◆ TASK TO CARRY OUT ◆
Going through the entries below, tally the lines that hold the word "hsinh" and state the result alone.

Dataset entries
Lemma Ham_le0 v : antipolar Om w -> dom nu v -> (Ham nu h v <= 0)%E.
Proof.
by move=> Hw Dv; rewrite HamE sube_le0; apply: (antinorm_le_pairing nuA b_int).
Qed.

Lemma argmax_Ham_interior :
  interior (antipolar Om) w ->
  [set u | is_argmax (dom nu) (Ham nu h) u] = [set (0, 0)].
Proof.
move=> w_int; have /Ham_le0 Hle := interior_subset w_int.
have zero_max := is_argmax_Ham _ Hle Ham0_ge0.
apply/seteqP; split => [u [Du u_max]|_ ->] //=.
apply: contrapT => /eqP u_neq0.
have : (Ham nu h u < 0)%E.
  rewrite HamE suber_lt0 //; apply: interior_antipolar_lt w_int u_neq0 _.
  by move=> w' Hw'; apply: (antinorm_le_pairing nuA b_int).
by rewrite ltNge (le_trans Ham0_ge0) // u_max //; case: zero_max.
Qed.

Lemma argmax_Ham_ray p l : antipolar Om w -> Om p -> pairing w p = 1 -> 0 <= l ->
  is_argmax (dom nu) (Ham nu h) (l *: p).
Proof.
move=> Hw Op wp1 l_ge0; apply: is_argmax_Ham => [v|]; first exact: Ham_le0.
have [->|l_neq0] := eqVneq l 0; first by rewrite scale0r Ham0_ge0.
have [rp Ep] : exists rp, nu p = rp%:E.
  exact: antinorm_fin nuA _ (unit_ball_dom _ Op).
rewrite HamE antinormZ ?lt_def ?l_neq0 // Ep pairingZ wp1 mulr1.
rewrite -EFinM -EFinB lee_fin subr_ge0 ler_peMr // -lee_fin -Ep.
exact: Op.
Qed.

End Hamiltonian.

Theorem proposition5 (R : realType) (h : R * R) (nu : R * R -> \bar R)
  (w0 w0d : R * R) :
  h != (0, 0) ->
  antinorm nu ->
  prop_star (unit_ball nu) ->
  prop_2star (dom nu) (unit_ball nu) ->
  (* base points for the hyperbolic convex trigonometric functions *)
  bd (unit_ball nu) w0 ->
  bd (antipolar (unit_ball nu)) w0d ->
  w0d.1 * w0.1 - w0d.2 * w0.2 = 1 ->
  (* part 1 *)
  (interior (antipolar (unit_ball nu)) (- h.1, h.2) ->
     [set u | is_argmax (dom nu) (Ham nu h) u] = [set (0, 0)])
  /\
  (* part 2 *)
  (bd (antipolar (unit_ball nu)) (- h.1, h.2) ->
     forall eta : R,
       (hcosh (antipolar (unit_ball nu)) w0d eta,
        hsinh (antipolar (unit_ball nu)) w0d eta) = (- h.1, h.2) ->
     forall (l theta : R), 0 <= l ->
       dangles (unit_ball nu) w0 (antipolar (unit_ball nu)) w0d eta theta ->
       is_argmax (dom nu) (Ham nu h)
         (l * hcosh (unit_ball nu) w0 theta, l * hsinh (unit_ball nu) w0 theta)).
Proof.
(* Of the base points only [w0 \in unit_ball nu] matters. *)
move=> _ nuA star _ w0_bd _ _.
have b_int := interior_unit_ball nuA _ star (closed_unit_ball nuA _ w0_bd.1).
split; first by apply: (argmax_Ham_interior nuA b_int).
move=> w_bd eta [cosh_eta sinh_eta] l theta l_ge0.
rewrite /dangles /= cosh_eta sinh_eta /hcosh /hsinh.
set p := hpt _ w0 theta => p_eta.
have wp1 : pairing (- h.1, h.2) p = 1 by rewrite -p_eta /pairing /=; ring.
have p_bd : bd (unit_ball nu) p.
  apply: hpt_bd; apply/eqP => p0.
  by move: wp1; rewrite /p p0 /pairing /= !mulr0 subr0 => /eqP; rewrite eq_sym oner_eq0.
apply: (argmax_Ham_ray nuA b_int) => //; first exact: closed_antipolar w_bd.1.
exact: closed_unit_ball nuA _ p_bd.1.
Qed.
Definition boundary_table : chain_table := ([::
  ([:: 0; 1],
    [:: ([:: 2; 3; 4; 1; 5; 0], 1%Z); ([:: 1; 2; 4; 3; 5; 0], -1%Z); ([:: 1; 2; 3; 4; 5; 0], -1%Z);
     ([:: 2; 3; 4; 1; 0; 5], 1%Z); ([:: 2; 3; 4; 0; 1; 5], -1%Z); ([:: 1; 3; 4; 0; 2; 5], -1%Z);
     ([:: 1; 2; 4; 0; 3; 5], -1%Z); ([:: 1; 2; 3; 0; 4; 5], -2%Z); ([:: 0; 2; 4; 3; 1; 5], 1%Z);
     ([:: 0; 2; 3; 4; 1; 5], 1%Z); ([:: 0; 2; 4; 1; 3; 5], -1%Z); ([:: 0; 2; 3; 1; 4; 5], -1%Z);
     ([:: 0; 1; 4; 3; 2; 5], 1%Z); ([:: 0; 1; 3; 4; 2; 5], 1%Z); ([:: 0; 1; 4; 2; 3; 5], -1%Z);
     ([:: 0; 1; 3; 2; 4; 5], -1%Z); ([:: 0; 1; 2; 3; 4; 5], -1%Z)]);
  ([:: 0; 2],
    [:: ([:: 1; 3; 2; 4; 5; 0], 1%Z); ([:: 1; 3; 0; 4; 2; 5], -1%Z); ([:: 1; 2; 0; 3; 4; 5], 1%Z);
     ([:: 0; 1; 3; 2; 4; 5], 2%Z); ([:: 2; 3; 1; 4; 0; 5], -1%Z); ([:: 0; 1; 4; 2; 3; 5], 1%Z);
     ([:: 2; 3; 0; 4; 1; 5], -1%Z)]);
  ([:: 0; 3],
    [:: ([:: 1; 3; 2; 0; 5; 4], -1%Z); ([:: 2; 3; 1; 0; 5; 4], -1%Z)]);
  ([:: 0; 5],
    [:: ([:: 0; 3; 2; 4; 1; 5], -1%Z); ([:: 0; 3; 1; 4; 2; 5], -1%Z); ([:: 1; 3; 0; 4; 2; 5], -1%Z);
     ([:: 1; 2; 4; 3; 5; 0], 1%Z); ([:: 1; 3; 2; 4; 5; 0], 1%Z); ([:: 2; 3; 1; 4; 5; 0], 1%Z);
     ([:: 1; 2; 3; 4; 5; 0], 1%Z); ([:: 2; 3; 0; 4; 1; 5], -1%Z)]);
  ([:: 0; 6],
    [:: ([:: 2; 3; 0; 1; 4; 5], 1%Z); ([:: 1; 2; 0; 3; 4; 5], -1%Z); ([:: 0; 3; 1; 2; 4; 5], 1%Z);
     ([:: 0; 3; 2; 1; 4; 5], 1%Z); ([:: 1; 3; 0; 2; 4; 5], 1%Z); ([:: 1; 2; 3; 0; 4; 5], -1%Z)]);
  ([:: 0; 7],
    [:: ([:: 1; 2; 0; 3; 4; 5], 1%Z); ([:: 1; 4; 0; 3; 2; 5], 2%Z); ([:: 1; 3; 0; 4; 2; 5], 2%Z);
     ([:: 2; 4; 0; 3; 1; 5], 2%Z); ([:: 2; 3; 0; 4; 1; 5], 2%Z); ([:: 1; 3; 2; 4; 5; 0], -1%Z);
     ([:: 1; 4; 2; 3; 5; 0], -1%Z); ([:: 3; 4; 1; 2; 5; 0], -1%Z); ([:: 2; 4; 1; 3; 5; 0], -1%Z);
     ([:: 2; 3; 1; 4; 5; 0], -1%Z); ([:: 3; 4; 0; 1; 2; 5], 1%Z); ([:: 3; 4; 0; 2; 1; 5], 1%Z)]);
  ([:: 0; 8],
    [:: ([:: 0; 2; 1; 3; 4; 5], -1%Z); ([:: 0; 1; 2; 3; 4; 5], -1%Z); ([:: 1; 3; 2; 0; 4; 5], -1%Z);
     ([:: 2; 3; 1; 0; 4; 5], -1%Z)]);
  ([:: 0; 9],
    [:: ([:: 2; 3; 0; 1; 4; 5], -1%Z); ([:: 0; 2; 3; 1; 4; 5], -1%Z); ([:: 1; 3; 0; 2; 4; 5], -1%Z);
     ([:: 0; 1; 3; 2; 4; 5], -1%Z)]);
  ([:: 0; 10],
    [:: ([:: 3; 4; 2; 0; 1; 5], 1%Z); ([:: 3; 4; 1; 0; 2; 5], 1%Z); ([:: 1; 4; 2; 0; 3; 5], 1%Z);
     ([:: 2; 4; 1; 0; 3; 5], 1%Z); ([:: 2; 4; 1; 3; 0; 5], 1%Z); ([:: 2; 3; 4; 1; 0; 5], -1%Z);
     ([:: 3; 4; 2; 1; 0; 5], -2%Z); ([:: 2; 4; 3; 1; 0; 5], -1%Z); ([:: 2; 3; 1; 4; 0; 5], 1%Z);
     ([:: 1; 3; 2; 0; 4; 5], 1%Z); ([:: 2; 3; 1; 0; 4; 5], 1%Z)]);
  ([:: 1; 2],
    [:: ([:: 0; 4; 1; 3; 2; 5], 1%Z); ([:: 0; 1; 3; 4; 2; 5], 1%Z); ([:: 0; 3; 1; 4; 2; 5], 1%Z);
     ([:: 0; 1; 2; 3; 4; 5], -1%Z); ([:: 0; 2; 1; 3; 4; 5], -1%Z); ([:: 1; 2; 3; 4; 5; 0], 1%Z);
     ([:: 1; 4; 2; 3; 0; 5], 1%Z); ([:: 1; 2; 3; 4; 0; 5], 1%Z); ([:: 1; 3; 2; 4; 0; 5], 1%Z);
     ([:: 0; 4; 2; 3; 1; 5], 1%Z); ([:: 0; 2; 3; 4; 1; 5], 1%Z); ([:: 0; 3; 2; 4; 1; 5], 1%Z)]);
  ([:: 1; 3],
    [:: ([:: 1; 4; 2; 0; 5; 3], 1%Z); ([:: 1; 3; 2; 0; 5; 4], 1%Z)]);
  ([:: 1; 5],
    [:: ([:: 2; 0; 4; 3; 1; 5], 1%Z); ([:: 2; 0; 3; 4; 1; 5], 1%Z); ([:: 1; 0; 2; 3; 4; 5], 1%Z);
     ([:: 1; 0; 4; 3; 2; 5], 1%Z); ([:: 1; 0; 3; 4; 2; 5], 1%Z); ([:: 0; 3; 1; 4; 2; 5], 1%Z);
     ([:: 0; 1; 4; 3; 2; 5], 1%Z); ([:: 0; 1; 3; 4; 2; 5], 1%Z); ([:: 2; 1; 4; 3; 5; 0], -1%Z);
     ([:: 1; 3; 2; 4; 5; 0], -1%Z); ([:: 1; 2; 4; 3; 5; 0], -1%Z); ([:: 1; 2; 3; 4; 5; 0], -1%Z);
     ([:: 2; 1; 3; 4; 5; 0], -1%Z); ([:: 0; 3; 2; 4; 1; 5], 1%Z); ([:: 0; 2; 4; 3; 1; 5], 1%Z);
     ([:: 0; 2; 3; 4; 1; 5], 1%Z)]);
  ([:: 1; 6],
    [:: ([:: 2; 1; 4; 0; 3; 5], -1%Z); ([:: 0; 3; 2; 1; 4; 5], -1%Z); ([:: 0; 2; 4; 1; 3; 5], -1%Z);
     ([:: 0; 2; 3; 1; 4; 5], -1%Z); ([:: 0; 1; 4; 3; 2; 5], 1%Z); ([:: 2; 1; 3; 0; 4; 5], -1%Z);
     ([:: 1; 2; 3; 0; 4; 5], -1%Z); ([:: 2; 0; 4; 1; 3; 5], -1%Z); ([:: 1; 0; 4; 2; 3; 5], -1%Z);
     ([:: 1; 0; 3; 2; 4; 5], -1%Z); ([:: 1; 2; 4; 0; 3; 5], -1%Z); ([:: 2; 0; 3; 1; 4; 5], -1%Z);
     ([:: 0; 3; 1; 2; 4; 5], -1%Z); ([:: 0; 1; 4; 2; 3; 5], -1%Z); ([:: 0; 1; 3; 2; 4; 5], -1%Z)]);
  ([:: 1; 7],
    [:: ([:: 0; 1; 3; 4; 2; 5], -2%Z); ([:: 0; 2; 3; 4; 1; 5], -2%Z); ([:: 1; 4; 2; 3; 5; 0], 1%Z);
     ([:: 1; 3; 2; 4; 5; 0], 1%Z); ([:: 0; 4; 1; 3; 2; 5], -1%Z); ([:: 0; 3; 1; 4; 2; 5], -1%Z);
     ([:: 0; 4; 2; 3; 1; 5], -1%Z); ([:: 0; 3; 2; 4; 1; 5], -1%Z)]);
  ([:: 1; 9],
    [:: ([:: 0; 2; 3; 1; 4; 5], 1%Z); ([:: 0; 1; 3; 2; 4; 5], 1%Z)]);
  ([:: 1; 10],
    [:: ([:: 2; 4; 3; 0; 1; 5], -1%Z); ([:: 2; 3; 4; 0; 1; 5], -1%Z); ([:: 1; 3; 4; 0; 2; 5], -1%Z);
     ([:: 1; 4; 3; 0; 2; 5], -1%Z); ([:: 1; 4; 2; 0; 3; 5], -1%Z); ([:: 1; 4; 2; 3; 0; 5], -1%Z);
     ([:: 1; 2; 4; 3; 0; 5], -1%Z); ([:: 2; 3; 4; 1; 0; 5], 1%Z); ([:: 2; 4; 3; 1; 0; 5], 1%Z);
     ([:: 1; 3; 2; 4; 0; 5], -1%Z); ([:: 1; 2; 3; 4; 0; 5], -1%Z); ([:: 1; 3; 2; 0; 4; 5], -1%Z)]);
  ([:: 2; 3],
    [:: ([:: 0; 2; 1; 3; 5; 4], 1%Z); ([:: 0; 1; 2; 3; 5; 4], 1%Z)]);
  ([:: 2; 4],
    [:: ([:: 1; 0; 3; 2; 4; 5], 1%Z)]);
  ([:: 2; 6],
    [:: ([:: 0; 2; 1; 3; 4; 5], 1%Z); ([:: 0; 2; 3; 1; 4; 5], 1%Z); ([:: 0; 2; 1; 4; 3; 5], 1%Z);
     ([:: 0; 2; 4; 1; 3; 5], 1%Z); ([:: 1; 0; 4; 2; 3; 5], 1%Z); ([:: 1; 0; 3; 2; 4; 5], 1%Z);
     ([:: 0; 1; 4; 2; 3; 5], 1%Z); ([:: 0; 1; 3; 2; 4; 5], 1%Z); ([:: 0; 1; 2; 3; 4; 5], 1%Z);
     ([:: 0; 1; 2; 4; 3; 5], 1%Z); ([:: 0; 1; 3; 4; 2; 5], 1%Z)]);
  ([:: 2; 8],
    [:: ([:: 0; 2; 1; 3; 4; 5], 1%Z); ([:: 0; 1; 2; 3; 4; 5], 1%Z)]);
  ([:: 2; 10],
    [:: ([:: 0; 2; 1; 4; 3; 5], -1%Z); ([:: 0; 1; 2; 4; 3; 5], -1%Z); ([:: 1; 4; 2; 3; 0; 5], 1%Z);
     ([:: 1; 2; 4; 3; 0; 5], 1%Z); ([:: 1; 3; 2; 4; 0; 5], 1%Z); ([:: 1; 2; 3; 4; 0; 5], 1%Z);
     ([:: 0; 2; 1; 3; 4; 5], -1%Z); ([:: 0; 1; 2; 3; 4; 5], -1%Z)]);
  ([:: 3; 4],
    [:: ([:: 1; 0; 3; 4; 5; 2], -1%Z)]);
  ([:: 3; 5],
    [:: ([:: 1; 0; 3; 4; 5; 2], 1%Z); ([:: 0; 1; 4; 2; 5; 3], -1%Z); ([:: 0; 1; 3; 2; 5; 4], -1%Z)]);
  ([:: 3; 7],
    [:: ([:: 1; 3; 0; 4; 5; 2], 1%Z); ([:: 0; 2; 1; 4; 5; 3], 1%Z); ([:: 0; 2; 1; 3; 5; 4], 1%Z);
     ([:: 0; 1; 2; 4; 5; 3], 1%Z); ([:: 0; 1; 2; 3; 5; 4], 1%Z)]);
  ([:: 4; 9],
    [:: ([:: 2; 0; 3; 1; 4; 5], 1%Z); ([:: 1; 0; 3; 2; 4; 5], 1%Z)]);
  ([:: 4; 10],
    [:: ([:: 2; 0; 3; 4; 1; 5], -1%Z); ([:: 1; 0; 3; 4; 2; 5], -1%Z)]);
  ([:: 5; 6],
    [:: ([:: 0; 1; 4; 2; 3; 5], 1%Z); ([:: 0; 1; 3; 2; 4; 5], 1%Z)]);
  ([:: 5; 8],
    [:: ([:: 2; 0; 1; 3; 4; 5], 1%Z); ([:: 1; 0; 2; 3; 4; 5], 1%Z)]);
  ([:: 5; 10],
    [:: ([:: 2; 0; 3; 4; 1; 5], 1%Z); ([:: 1; 0; 3; 4; 2; 5], 1%Z); ([:: 0; 1; 4; 2; 3; 5], -1%Z);
     ([:: 0; 1; 3; 2; 4; 5], -1%Z)]);
  ([:: 6; 7],
    [:: ([:: 2; 1; 0; 3; 4; 5], -1%Z); ([:: 0; 1; 3; 4; 2; 5], 2%Z); ([:: 1; 2; 0; 3; 4; 5], -1%Z);
     ([:: 0; 2; 1; 4; 3; 5], 1%Z); ([:: 0; 1; 2; 4; 3; 5], 1%Z); ([:: 0; 2; 1; 3; 4; 5], 1%Z);
     ([:: 0; 1; 2; 3; 4; 5], 1%Z)]);
  ([:: 7; 10],
    [:: ([:: 2; 3; 0; 4; 1; 5], 1%Z); ([:: 1; 3; 0; 4; 2; 5], 1%Z); ([:: 0; 2; 1; 4; 3; 5], 1%Z);
     ([:: 0; 1; 2; 4; 3; 5], 1%Z); ([:: 0; 2; 1; 3; 4; 5], 1%Z); ([:: 0; 1; 2; 3; 4; 5], 1%Z)])])%N.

◆ EXERCISE ANSWER ◆
3